After dinner, he drove me up to scenic Flagstaff Mountain, just west of downtown Boulder where the flat plains meet the first foothills of the Rockies. Ben parked on the side of the road, and we got out for a while, taking in the spectacular view of downtown. I remember thinking it was so beautiful looking down on Boulder and the lights below and how lucky I was to be there. Then we stopped at Chautauqua Park on the way down from the mountain. Toward the end of the evening, Ben tried several times to do more than just kiss me—I had to keep brushing him off and telling him no.
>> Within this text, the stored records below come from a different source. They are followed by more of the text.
Lemma cint_succ N i s q : 1 <= i <= N -> 1 <= s <= N -> cdist N i s < N.-1 ->
  cint N i s q -> cint N i (s %% N + 1) q.
Proof.
move=> i_range s_range; rewrite succ_stateE ?(proj2 (andP s_range)) // /cint /cdist.
by case: eqP; repeat case: ifP; lia.
Qed.

Lemma rstate_range n N (tour : nat -> 'I_n) H j tau : 1 <= j <= N ->
  1 <= rstate N tour H j tau <= N /\ cdist N j (rstate N tour H j tau) <= tau.
Proof.
move=> j_range; elim: tau => [|tau [s_range s_dist]] /=.
  by rewrite /cdist leqnn subnn.
case: ifP => _; last by split=> //; apply: leqW.
by have [? d_succ] := cdist_succ j_range s_range; split=> //; apply: leq_trans d_succ _.
Qed.

Lemma visited_succ n N (tour : nat -> 'I_n) H j tau q : 1 <= j <= N -> tau < N.-1 ->
  visited N tour H j tau q -> visited N tour H j tau.+1 q.
Proof.
move=> j_range tau_lt; have [s_range s_dist] := rstate_range tour H tau j_range.
rewrite /visited /=; case: ifP => // _; apply: cint_succ => //.
exact: leq_ltn_trans tau_lt.
Qed.

Section Pruning.
Variables (D : nat -> nat -> bool) (Q : nat -> Prop).

Lemma valid_removals_cover A rs : valid_removals D A rs ->
  (forall q, Q q -> exists2 j, A j & D j q) ->
  forall q, Q q -> exists2 j, A j && (j \notin rs) & D j q.
Proof.
elim: rs A => [|a rs IH] A /=; first by move=> _ cover q /cover [j Aj Djq]; exists j; rewrite ?Aj.
move=> [[_ a_covered] removals] cover.
have cover' q : Q q -> exists2 j, A j && (j != a) & D j q.
  move=> /cover [j Aj Djq]; case: (eqVneq j a) => [j_a|j_a]; last by exists j; rewrite ?Aj.
  by subst j; have [j' /and3P [Aj' j'_a Dj'q]] := a_covered q Djq; exists j'; rewrite ?Aj'.
move=> q /(IH _ removals cover') [j Aj Djq]; exists j => //.
by rewrite in_cons negb_or andbA.
Qed.

Lemma prune_result_cover A A' : prune_result D A A' ->
  (forall q, Q q -> exists2 j, A j & D j q) -> forall q, Q q -> exists2 j, A' j & D j q.
Proof.
move=> [rs [removals [A'E _]]] cover q /(valid_removals_cover removals cover) [j Aj Djq].
by exists j; rewrite ?A'E.
Qed.

End Pruning.

Lemma prune_result_sub D A A' j : prune_result D A A' -> A' j -> A j.
Proof. by move=> [rs [_ [-> _]]] /andP []. Qed.

Section ActiveRun.
Variables (n N : nat) (tour : nat -> 'I_n) (H : nat -> rel 'I_n) (tt : nat).
Variable act : nat -> nat -> bool.
Hypothesis run : active_run N tour H tt act.

Lemma active_run_range tau j : tau <= tt -> act tau j -> 1 <= j <= N.
Proof.
case: run => [act0 prune]; elim: tau j => [|tau IH] j tau_le; first by rewrite act0.
move=> act_j; apply: IH (ltnW tau_le) _.
by apply: prune_result_sub act_j; apply: (prune tau.+1); rewrite ltn0Sn.
Qed.

(* While [tt < N] no visited interval wraps around, so the intervals only grow,
   and pruning only drops agents whose states are visited by the others. *)
Lemma active_run_cover tau q : tt < N -> tau <= tt -> 1 <= q <= N ->
  exists2 j, act tau j & visited N tour H j tau q.
Proof.
move=> tt_lt; case: (run) => [act0 prune].
elim: tau q => [|tau IH] q tau_le q_range.
  by exists q; rewrite ?act0 // /visited /cint /= leqnn.
have step_le : 0 < tau.+1 <= tt by rewrite ltn0Sn.
apply: (prune_result_cover (Q := fun q => 1 <= q <= N) (prune _ step_le)) => // q' q'_range.
have [j act_j vis_j] := IH q' (ltnW tau_le) q'_range.
exists j => //; apply: visited_succ vis_j; last lia.
exact: (active_run_range (ltnW tau_le) act_j).
Qed.

End ActiveRun.

Definition walk_end {n : nat} (v : 'I_n) (w : seq (nat * 'I_n)) : 'I_n :=
  last v [seq p.2 | p <- w].

Definition walk_vertices {n : nat} (v : 'I_n) (w : seq (nat * 'I_n)) : seq 'I_n :=
  v :: [seq p.2 | p <- w].

Section Walks.
Variables (n : nat) (G : nat -> rel 'I_n).
Implicit Types (v u : 'I_n) (w : seq (nat * 'I_n)).

Lemma walk_end_cat v w1 w2 : walk_end v (w1 ++ w2) = walk_end (walk_end v w1) w2.
Proof. by rewrite /walk_end map_cat last_cat. Qed.

Lemma mem_walk_vertices_cat v w1 w2 u :
  (u \in walk_vertices v (w1 ++ w2)) =
  (u \in walk_vertices v w1) || (u \in walk_vertices (walk_end v w1) w2).
Proof.
rewrite /walk_vertices /walk_end map_cat -cat_cons mem_cat [u \in last _ _ :: _]in_cons.
by case: (eqVneq u (last v _)) => [->|_]; rewrite ?mem_last.
Qed.

Lemma temporal_walk_cat v w1 w2 :
  temporal_walk G v w1 -> temporal_walk G (walk_end v w1) w2 ->
  (forall p1 p2, p1 \in w1 -> p2 \in w2 -> p1.1 < p2.1) ->
  temporal_walk G v (w1 ++ w2).
Proof.
move=> [sorted1 path1] [sorted2 path2] earlier; split.
  move: sorted1 sorted2; rewrite map_cat !(sorted_pairwise ltn_trans) pairwise_cat.
  move=> -> ->; rewrite !andbT; apply/allrelP => _ _ /mapP [p1 p1_w1 ->] /mapP [p2 p2_w2 ->].
  exact: earlier.
rewrite cat_path path1 /=; move: path2; rewrite /walk_end (last_map snd w1 (0, v)).
by case: (last _ w1) => t' x; case: (w2).
Qed.

Lemma temporal_walk_cat_within a b c v w1 w2 : a <= b.+1 -> b <= c ->
  temporal_walk G v w1 -> walk_within a b w1 ->
  temporal_walk G (walk_end v w1) w2 -> walk_within b.+1 c w2 ->
  temporal_walk G v (w1 ++ w2) /\ walk_within a c (w1 ++ w2).
Proof.
move=> a_le b_le_c walk1 /allP within1 walk2 /allP within2; split.
  apply: temporal_walk_cat => // p1 p2 p1_w1 p2_w2.
  have /andP [_ p1_le] := within1 p1 p1_w1; have /andP [p2_gt _] := within2 p2 p2_w2.
  exact: leq_ltn_trans p1_le p2_gt.
rewrite /walk_within all_cat; apply/andP; split; apply/allP => p.
  by move=> /within1 /andP [-> /leq_trans ->].
by move=> /within2 /andP [/(leq_trans a_le) -> ->].
Qed.

End Walks.

Definition snapshots_at {n : nat} (G : nat -> rel 'I_n) (RT : seq nat) : nat -> rel 'I_n :=
  fun tau => G (nth 0 RT tau.-1).

Section AgentWalk.
Variables (n N : nat) (G : nat -> rel 'I_n) (tour : nat -> 'I_n) (RT : seq nat) (j : nat).
Hypotheses (tour_cyclic : tour N.+1 = tour 1) (j_range : 1 <= j <= N).
Local Notation H := (snapshots_at G RT).
Local Notation state := (rstate N tour H j).

Fixpoint agent_walk (tau : nat) : seq (nat * 'I_n) :=
  if tau is tau'.+1 then
    agent_walk tau' ++
      (if H tau (tour (state tau')) (tour (state tau').+1)
       then [:: (nth 0 RT tau', tour (state tau').+1)] else [::])
  else [::].

Lemma tour_succ_state q : q <= N -> tour (q %% N + 1) = tour q.+1.
Proof. by move=> q_le; rewrite succ_stateE //; case: eqP => [->|]. Qed.

Lemma agent_walk_end tau : walk_end (tour j) (agent_walk tau) = tour (state tau).
Proof.
elim: tau => [|tau IH] //=; rewrite walk_end_cat IH; case: ifP => // _.
by have [/andP [_ s_le] _] := rstate_range tour H tau j_range; rewrite tour_succ_state.
Qed.

Lemma agent_walk_times tau p : p \in agent_walk tau -> exists2 i, i < tau & p.1 = nth 0 RT i.
Proof.
elim: tau => [|tau IH] //=; rewrite mem_cat => /orP [/IH [i i_lt ->]|].
  by exists i => //; apply: leqW.
by case: ifP => // _; rewrite inE => /eqP ->; exists tau.
Qed.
He eventually dropped me off at my dorm room and we kissed good night.

From that night forward, we were pretty much inseparable. We certainly liked each other, but I do not think that either of us at the time thought, This is the one. I liked him and thought we had a lot in common: we were both from the East Coast, we both loved to ski and swim, and we both liked the outdoors.

For the next eight years, we pursued one another around the country with me doing most of the chasing. We dated that first year while we were in college. Then, when Ben graduated from CU, I moved back East, where he went to medical school and I went to work in the hotel industry after a brief stint at the Fashion Institute of Technology in New York City. Ben attended St. George’s University School of Medicine in the British West Indies. We dated on and off during those years, both of us living elsewhere and experiencing what the world had to offer us. He was deeply invested in medical school, the ensuing internship, and then his residency. Putting my life on hold for those years while he had little or no time for a relationship, didn’t make sense to me. So we started seeing other people.
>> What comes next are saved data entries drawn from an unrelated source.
(* Let there be finitely many items with feature vectors $x_i\in\mathbb{R}^d$, a linear weight vector $w\in\mathbb{R}^d$, and a probability distribution $\mathcal{P}$ on pairs $p=(i,j)$ of items. Put $b_p^{(f)}=|x_{if}-x_{jf}|$ and let \[ \mathcal F_*=\{f:\ |w_f|>0\text{ and } \mathbb P_{p\sim\mathcal P}(b_p^{(f)}>0)>0\}. \] Assume $\mathcal P$ is supported on pairs with $\sum_{k\in\mathcal F_*}b_p^{(k)}>0$. For $u=(u_f)_{f\in\mathcal F_*}\in\mathbb{R}^{\mathcal F_*}$ define \[ \rho_p^{(f)}(u)=\frac{e^{u_f}b_p^{(f)}}{\sum_{k\in\mathcal F_*}e^{u_k}b_p^{(k)}},\qquad I_f(u)=\mathbb E_{p\sim\mathcal P}[\rho_p^{(f)}(u)],\qquad I(u)=(I_f(u))_{f\in\mathcal F_*}, \] \[ \Phi(u)=\mathbb E_{p\sim\mathcal P}\Big[\log\Big(\sum_{k\in\mathcal F_*}e^{u_k}b_p^{(k)}\Big)\Big], \] and the factor competition graph $G_{\mathcal P}=(\mathcal F_*,E_{\mathcal P})$ by $\{f,g\}\in E_{\mathcal P}\iff \mathbb P_{p\sim\mathcal P}(b_p^{(f)}b_p^{(g)}>0)>0$ (for $f\ne g$). Then: (1) $I(u)=\nabla\Phi(u)$ for all $u$. (2) The Jacobian $J(u)=\nabla^2\Phi(u)$ equals $\mathbb E_p[\operatorname{Diag}(\rho_p(u))-\rho_p(u)\rho_p(u)^\top]$; in particular for $f\ne g$, $J_{fg}(u)=-\mathbb E[\rho_p^{(f)}(u)\rho_p^{(g)}(u)]\le0$ and $J_{ff}(u)=\sum_{g\ne f}\mathbb E[\rho_p^{(f)}(u)\rho_p^{(g)}(u)]$. Hence $J(u)$ is a symmetric positive-semidefinite Laplacian-type matrix (nonpositive off-diagonal entries, zero row sums) whose off-diagonal support is contained in $E_{\mathcal P}$. (3) For all $u,u'$, with $\Delta u=u'-u$, \[ \langle\Delta u,I(u')-I(u)\rangle=\int_0^1\Delta u^\top J(u+t\Delta u)\Delta u\,dt\ \ge 0. \] (4) $I(u')=I(u)$ if and only if $\Delta u$ is constant on every connected component of $G_{\mathcal P}$. In particular, if $G_{\mathcal P}$ is connected, then $I(u')=I(u)$ if and only if $u'=u+c\mathbf 1$ for some scalar $c$.
   Context: Interpretation: $u_f=\log|w_f|$ are log-absolute linear weights; $\rho_p^{(f)}(u)$ is then the local influence share $|w_f(x_{if}-x_{jf})|/\sum_k|w_k(x_{ik}-x_{jk})|$, $I(u)$ is the global influence structure, and $I(u')-I(u)$ is Influence Exchange. $\operatorname{Diag}(v)$ is the diagonal matrix with diagonal $v$, and $\mathbf 1$ is the all-ones vector. *)

From HB Require Import structures.
From mathcomp Require Import all_boot all_order all_algebra.
From mathcomp Require Import all_classical all_reals all_analysis.
Set Implicit Arguments. Unset Strict Implicit. Unset Printing Implicit Defensive.
Import Order.TTheory GRing.Theory Num.Theory numFieldNormedType.Exports.
Local Open Scope ring_scope.

Section Influence.
Variables (R : realType) (T : finType) (d : nat).
(* items T with feature vectors x i : R^d, weights w : R^d,
   distribution P on pairs of items (a function T*T -> R, assumed
   nonnegative and summing to 1 in the theorem). *)
Variables (x : T -> 'I_d -> R) (w : 'I_d -> R) (P : T * T -> R).

Definition bf (p : T * T) (f : 'I_d) : R := `|x p.1 f - x p.2 f|.

Definition prob (E : pred (T * T)) : R := \sum_(p | E p) P p.

Definition expect (g : T * T -> R) : R := \sum_p P p * g p.

Definition Fstar : {set 'I_d} :=
  [set f | (0 < `|w f|) && (0 < prob (fun p => 0 < bf p f))].

(* R^{F_*} is identified with 'rV[R]_#|F_*| via the enumeration of F_*. *)
Definition nF : nat := #|Fstar|.
Definition feat (i : 'I_nF) : 'I_d := enum_val i.

Definition b (p : T * T) (i : 'I_nF) : R := bf p (feat i).

Definition Zs (u : 'rV[R]_nF) (p : T * T) : R :=
  \sum_(k < nF) expR (u 0 k) * b p k.

Definition rho (u : 'rV[R]_nF) (p : T * T) (f : 'I_nF) : R :=
  expR (u 0 f) * b p f / Zs u p.

Definition rhov (u : 'rV[R]_nF) (p : T * T) : 'rV[R]_nF := \row_f rho u p f.

Definition Infl (u : 'rV[R]_nF) : 'rV[R]_nF := \row_f expect (fun p => rho u p f).

Definition Phi (u : 'rV[R]_nF) : R := expect (fun p => ln (Zs u p)).

Definition Jac (u : 'rV[R]_nF) : 'M[R]_nF :=
  \sum_p P p *: (diag_mx (rhov u p) - (rhov u p)^T *m rhov u p).

Definition compEdge : rel 'I_nF :=
  fun f g => (f != g) && (0 < prob (fun p => 0 < b p f * b p g)).

End Influence.

Arguments nF {R T d} x w P.
Arguments feat {R T d} x w P i.
Arguments b {R T d} x w P p i.
Arguments Zs {R T d} x w P u p.
Arguments rho {R T d} x w P u p f.
Arguments rhov {R T d} x w P u p.
Arguments Infl {R T d} x w P u.
Arguments Phi {R T d} x w P u.
Arguments Jac {R T d} x w P u.
Arguments compEdge {R T d} x w P _ _.

(* Phi averages over pairs p the log-partition functions
   u |-> ln (sum_k e^(u_k) b_p(k)).  Each has the weighted softmax rho_p as
   gradient and the covariance matrix Diag rho_p - rho_p rho_p^T of the
   (sub)probability vector rho_p as Hessian, which gives (1) and (2); (3) is
   the fundamental theorem of calculus along the segment from u to u'.
   For (4) put c_p = ln Z_p(u') - ln Z_p(u), so that
   rho_p(u') = rho_p(u) e^(Du - c_p).  Then <Du, I(u') - I(u)> is the
   expectation of sum_f rho_p^(f)(u) (e^(y_f) - 1) y_f with y = Du - c_p, a
   sum of nonnegative terms; it vanishes iff Du = c_p on the support of every
   pair of positive probability, i.e. iff Du agrees across every edge of the
   competition graph.  Conversely, such a shift scales the numerator and the
   denominator of every rho_p by the same factor. *)

From HB Require Import structures.
From mathcomp Require Import all_boot all_order all_algebra.
From mathcomp Require Import all_classical all_reals all_analysis.
From mathcomp Require Import ring.
Set Implicit Arguments. Unset Strict Implicit. Unset Printing Implicit Defensive.
Import Order.TTheory GRing.Theory Num.Theory numFieldNormedType.Exports.
Local Open Scope ring_scope.

Section DifferentialCalculus.
Variable R : realType.

Lemma eq_is_diff (V W : normedModType R) (f g df dg : V -> W) u :
  f =1 g -> df =1 dg -> is_diff u f df -> is_diff u g dg.
Proof. by move=> /funext <- /funext <-. Qed.

Lemma is_diff_sum (V W : normedModType R) (I : Type) (r : seq I)
    (F dF : I -> V -> W) u :
  (forall i, is_diff u (F i) (dF i)) ->
  is_diff u (fun y => \sum_(i <- r) F i y) (fun v => \sum_(i <- r) dF i v).
Proof.
move=> dF_F; elim: r => [|i r IH].
  by apply: eq_is_diff (is_diff_cst 0 u) => y; rewrite big_nil.
by apply: eq_is_diff (is_diffD (dF_F i) IH) => y; rewrite big_cons.
Qed.

Lemma is_diff_coord n (u : 'rV[R]_n) j :
  is_diff u (fun y : 'rV[R]_n => y 0 j) (fun v => v 0 j).
Proof.
have coord_lin : linear (fun y : 'rV[R]_n => y 0 j) by move=> a y z; rewrite !mxE.
pose coord : {linear 'rV[R]_n -> R} :=
  HB.pack (fun y : 'rV[R]_n => y 0 j) (GRing.isLinear.Build _ _ _ _ _ coord_lin).
have coord_cont : continuous coord by exact: coord_continuous.
apply: DiffDef; first exact: (linear_differentiable (f := coord)).
by rewrite (diff_lin (f := coord)).
Qed.

Lemma is_diff_row (V : normedModType R) m (F dF : V -> 'rV[R]_m) u :
  (forall j, is_diff u (fun y => F y 0 j) (fun v => dF v 0 j)) ->
  is_diff u F dF.
Proof.
move=> dF_F.
have := is_diff_sum (index_enum 'I_m) (fun j =>
  is_diff_comp (dF_F j) (is_diff_scalel (F u 0 j) (delta_mx 0 j : 'rV[R]_m))).
apply: eq_is_diff => y; apply/rowP => k; rewrite summxE (bigD1 k) //= big1
  ?mxE ?eqxx ?mulr1 ?addr0 // => j jk; by rewrite !mxE eq_sym (negbTE jk) andbF mulr0.
Qed.

Lemma is_diff_derive_comp (V : normedModType R) (f df : V -> R) (g : R -> R) g' u :
  is_diff u f df -> is_derive (f u) 1 g g' ->
  is_diff u (fun y => g (f y)) (fun v => df v * g').
Proof.
move=> df_f dg; have g_diff : is_diff (f u) g ( *:%R^~ g').
  apply: DiffDef; first by apply/derivable1_diffP; exact: ex_derive.
  by rewrite deriv1E ?derive1E ?derive_val //; exact: ex_derive.
exact: (is_diff_comp df_f g_diff).
Qed.

Lemma is_diff_inv (V : normedModType R) (f df : V -> R) u :
  is_diff u f df -> f u != 0 ->
  is_diff u (fun y => (f y)^-1) (fun v => - (f u)^-2 * df v).
Proof.
move=> df_f fu0; apply: DiffDef; first by apply: differentiableV => //; exact: ex_diff.
by rewrite diffV ?diff_val //; exact: ex_diff.
Qed.

Lemma is_diff_line (V : normedModType R) (u D : V) (t : R) :
  is_diff t (fun s : R => u + s *: D) (fun s => s *: D).
Proof.
apply: eq_is_diff (is_diffD (is_diff_cst u t) (is_diff_scalel t D)) => s //.
by rewrite /= add0r.
Qed.

Lemma continuous_sum (T : topologicalType) (I : Type) (r : seq I)
    (F : I -> T -> R) :
  (forall i, continuous (F i)) -> continuous (fun t => \sum_(i <- r) F i t).
Proof.
move=> cF; elim: r => [|i r IH] t.
  rewrite (_ : (fun _ => _) = cst 0); first exact: cst_continuous.
  by apply/funext => s; rewrite big_nil.
rewrite (_ : (fun _ => _) = F i + fun s => \sum_(j <- r) F j s).
  exact: (continuousD (cF i t) (IH t)).
by apply/funext => s; rewrite big_cons.
Qed.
It was while I worked as a concierge in the lobby at the historic Parker House in downtown Boston that I met Keith Knudsen, one of the original Doobie Brothers. I recognized some of his fellow band members from my album covers, but I did not know who Keith was. He introduced himself to me at my desk and we chatted for a few minutes. Quite unexpectedly, he invited me to their concert at the Cape. He seemed very sweet and down to earth, so I said “yes.” I gave him directions to my apartment and as he walked away, I asked him what he did. With a smile, he quietly said, “I’m a drummer and I do some vocals.”
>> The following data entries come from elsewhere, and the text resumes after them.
Lemma exists_orthogonal_idempotent : exists u, [/\ u \in CL, u * u = u,
  forall t, t != 1%g -> u * act t u = 0 & \sum_(t : gT) act t u = 1].
Proof.
have [x [xCL xV]] := generic_ideal_has_zero.
have Xt_CL t : Xt t \is a mpolyOver _ CL by apply: mpolyOverX.
exists (x ord0); split=> [||t t1|].
- exact: xCL.
- have: generic_ideal (Xt 1%g * Xt 1%g - Xt 1%g).
    split; first by rewrite rpredB ?rpredM.
    rewrite rmorphB rmorphM /= generic_eval_X; apply/ffunP => g; rewrite !ffunE.
    by case: (_ == _); rewrite ?mulr1 ?mulr0 subrr.
  move/xV; rewrite /spoly_eval mevalB mevalM -!/(spoly_eval act x _) spoly_eval_X.
  by rewrite act1g => /subr0_eq.
- have: generic_ideal (Xt 1%g * Xt t).
    split; first by rewrite rpredM.
    rewrite rmorphM /= !generic_eval_X; apply/ffunP => g; rewrite !ffunE mulg1.
    have [->|] := eqVneq g 1%g; last by rewrite mul0r.
    by rewrite mul1g (negbTE t1) mulr0.
  move/xV; rewrite /spoly_eval mevalM -!/(spoly_eval act x _) !spoly_eval_X.
  by rewrite act1g.
- have: generic_ideal (\sum_(t : gT) Xt t - 1).
    split; first by rewrite rpredB ?rpred1 // rpred_sum.
    rewrite rmorphB rmorph1 raddf_sum /=.
    under eq_bigr => t _ do rewrite generic_eval_X.
    apply/ffunP => g; rewrite !ffunE sum_ffunE (bigD1 g^-1%g) //= !ffunE mulgV eqxx.
    rewrite big1 ?addr0 ?subrr // => t tg; rewrite ffunE.
    by case: eqP => // gt1; case/eqP: tg; rewrite -(mulKg g t) gt1 mulg1.
  move/xV; rewrite /spoly_eval mevalB meval1 raddf_sum /=.
  under eq_bigr => t _ do rewrite mevalXU /spoly_var enum_rankK /=.
  by move/subr0_eq.
Qed.

End GenericPoint.

Section Idempotent.
Hypotheses (HLs : forall x, (x \in L) = (sigma x \in L))
  (HLp : Sigma_pseudofield sigma act L).
Variable u : B.
Hypotheses (uCL : u \in CL) (uu : u * u = u)
  (u_orth : forall t, t != 1%g -> u * act t u = 0)
  (u_sum : \sum_(t : gT) act t u = 1).

Definition uL : {pred B} := [pred x | (x \in L) && (u * x == x)].

Lemma uL_L x : x \in uL -> x \in L. Proof. by case/andP. Qed.
Lemma uL_id x : x \in uL -> u * x = x. Proof. by case/andP=> _ /eqP. Qed.

Lemma uL_zmod_closed : zmod_closed uL.
Proof.
split=> [|x y]; first by rewrite inE rpred0 mulr0 eqxx.
rewrite !inE => /andP[xL /eqP ux] /andP[yL /eqP uy].
by rewrite rpredB // mulrBr ux uy eqxx.
Qed.
HB.instance Definition _ := GRing.isZmodClosed.Build B uL uL_zmod_closed.

Lemma uLM a x : a \in L -> x \in uL -> a * x \in uL.
Proof. by rewrite !inE => aL /andP[xL /eqP ux]; rewrite rpredM // mulrCA ux eqxx. Qed.

Lemma uL_sigma x : (sigma x \in uL) = (x \in uL).
Proof.
rewrite !inE -HLs -{1}(CL_fixed uCL) -rmorphM /=.
by rewrite (inj_eq (bij_inj sigma_bij)).
Qed.

Definition uL_ideal (J : B -> Prop) : Prop :=
  [/\ forall x, J x -> x \in uL, J 0, forall x y, J x -> J y -> J (x - y)
    & forall a x, a \in L -> J x -> J (a * x)].

Definition sigma_stable (J : B -> Prop) : Prop := forall x, J x <-> J (sigma x).

Definition act_span (J : B -> Prop) (x : B) : Prop :=
  exists2 f : gT -> B, forall t, J (f t) & x = \sum_(t : gT) act t (f t).

Lemma act_span_ideal J : uL_ideal J -> is_ideal_of L (act_span J).
Proof.
case=> JuL J0 JB JM; split.
- by move=> _ [f Jf ->]; apply: rpred_sum => t _; apply/HLa/uL_L/JuL.
- by exists (fun=> 0) => //; rewrite big1 // => t _; rewrite raddf0.
- move=> _ _ [f Jf ->] [f' Jf' ->]; exists (fun t => f t - f' t) => [t|]; first exact: JB.
  by rewrite -sumrB; apply: eq_bigr => t _; rewrite raddfB.
- move=> a _ aL [f Jf ->]; exists (fun t => act t^-1 a * f t) => [t|].
    by apply: JM; [apply: HLa | apply: Jf].
  by rewrite mulr_sumr; apply: eq_bigr => t _; rewrite rmorphM /= actVK.
Qed.

Lemma act_span_stable J : sigma_stable J -> Sigma_stable_set sigma act (act_span J).
Proof.
move=> Js; have [si _ siK] := sigma_bij; split.
  move=> g _ [f Jf ->]; exists (fun t => f (g^-1 * t)%g) => [t|]; first exact: Jf.
  rewrite raddf_sum [RHS](reindex_inj (mulgI g)) /=.
  by apply: eq_bigr => t _; rewrite mulKg actM.
move=> x; split=> [[f Jf ->]|[f Jf e]].
  exists (sigma \o f) => [t|]; first exact: (Js _).1.
  by rewrite raddf_sum /=; apply: eq_bigr => t _; rewrite sigma_act.
exists (si \o f) => [t|]; first by apply/(Js _).2; rewrite /= siK.
apply: (bij_inj sigma_bij); rewrite e raddf_sum /=; apply: eq_bigr => t _.
by rewrite sigma_act /= siK.
Qed.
“Oh,” was all I could manage to say.

I was living in Brookline, a town outside of Boston at the time. I lived in a three bedroom apartment on the third floor of a house in a working class section of town. It was a great place, very nice and clean. I lived with one of my college roommates from Centenary and another girl who was a graduate student at Boston University. Keith picked me up that night in a limo and we drove all the way to the Cape—just the two of us. The band was touring for their “Minute by Minute” album. I was so nervous and excited that night.

On the way to the concert we made small talk, then I picked up one of the Minute by Minute albums that he had on the seat next to him and asked, “So, which one of you guys are related? Which ones are the brothers?”

He smiled and said, “None of us are related. There are no real brothers in the group.”

“Oh, wow, I didn’t know that,” I said. Then I took out the album insert and pointed to it and said, “I have never really understood why you would put a picture of a piece of burning trash on this sleeve. What is the significance of that?”

Keith looked at me for a second, threw his head back, and laughed—not in a mean way, but in a gentle, funny way. “Maurita, that’s not a trash bag, that’s a doobie, a joint. That’s where the name the Doobie Brothers comes from.”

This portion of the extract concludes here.